Multiple groups of petitioners in the newly consolidated litigation and renamed challenge to the OSHA ETS, now known as the “OSHA Covid Rule Case,” Docket No, 21-7000, MCP No. 165 (6th Cir.) have asked the court to hear the OSHA challenge en banc, with all active judges in the circuit. Multiple groups of petitioners have made or joined other groups’ requests, including a coalition of 27 states as well as the Republican National Committee (RNC). These petitioners argue that the case involves a question of “exceptional importance” involving constitutional questions about appropriate delegation of authority to OSHA, the Commerce Clause, and state versus federal powers under the 10th Amendment. The answers to these questions will affect about 80 million people in this country and their right to make personal healthcare decisions. The petitioners also argue that the OSHA ETS conflicts with Supreme Court and 6th Circuit precedent in cases heard earlier this year on the CDC's eviction moratorium. See, e.g., Alabama Assoc. Realtors et. al v. HHS, 594 U.S. ___(2021) (“[T]he sheer scope of the CDC’s claimed authority under §361(a) [of the Public Health Service Act] would counsel against the Government’s interpretation. We expect Congress to speak clearly when authorizing an agency to exercise powers of “vast ‘economic and political significance.’”); Tiger Lily v. HHS, 5 F.4th 666 (6th Cir. 2021) (holding “CDC cannot nationalize landlord-tenant law” without “exceedingly clear language” from Congress).  

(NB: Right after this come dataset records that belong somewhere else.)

(* Let $0<d<\pi/2$, let $c_d=1+1/\cos(\frac\pi2\sin d)$ and $\tilde c_d=\frac{1+\log(1+c_d)}{\log(1+c_d)}c_d$. Then \[ \sup_{|\Im\zeta|\le d}\left|\frac{1+\log(1+e^{\pi\sinh\zeta})}{\log(1+e^{\pi\sinh\zeta})}\cdot\frac{1}{1+e^{-\pi\sinh\zeta}}\right|\le\tilde c_d, \] \[ \sup_{x\in\mathbb{R}}\left\{\frac{1+\log(1+e^{\pi\sinh x})}{\log(1+e^{\pi\sinh x})}\cdot\frac{1}{1+e^{-\pi\sinh x}}\right\}\le e^{\pi/12}. \]
   Context: $\log$ denotes the principal branch of the complex logarithm. *)

From Stdlib Require Import Reals.
From Coquelicot Require Import Coquelicot.
Open Scope R_scope.

Definition Cexp (z : C) : C :=
  (exp (fst z) * cos (snd z), exp (fst z) * sin (snd z)).

(* principal argument, with values in (-pi, pi]  (Carg 0 = 0, irrelevant) *)
Definition Carg (z : C) : R :=
  if Rle_dec 0 (snd z) then acos (fst z / Cmod z) else - acos (fst z / Cmod z).

Definition Clog (z : C) : C := (ln (Cmod z), Carg z).

Definition Csinh (z : C) : C := ((Cexp z - Cexp (- z)) / 2)%C.

Definition c_d (d : R) : R := 1 + 1 / cos (PI / 2 * sin d).
Definition ct_d (d : R) : R :=
  (1 + ln (1 + c_d d)) / ln (1 + c_d d) * c_d d.

Definition Fc (z : C) : C :=
  let w := (RtoC PI * Csinh z)%C in
  ((1 + Clog (1 + Cexp w)) / Clog (1 + Cexp w) * (1 / (1 + Cexp (- w))))%C.

Definition Fr (x : R) : R :=
  let w := PI * sinh x in
  (1 + ln (1 + exp w)) / ln (1 + exp w) * (1 / (1 + exp (- w))).

From Stdlib Require Import Reals Lra Psatz Machin.
From Coquelicot Require Import Coquelicot.
Open Scope R_scope.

The RNC in particular argues that the White House has created uncertainty regarding compliance with the ETS because in a press briefing on November 18, 2021, the Press Secretary told businesses to move forward with compliance and stated "that we are still heading toward the same timeline" notwithstanding the 5th Circuit's stay of the ETS. The RNC stated that this uncertainty comes at a time when it is about to hire 300 employees in preparation for the 2022 election cycle and thus, “the uncertainty created by the Administration’s action threatens ‘an irreversible . . . election,’ ” which is why the 6th Circuit should hear the case en banc.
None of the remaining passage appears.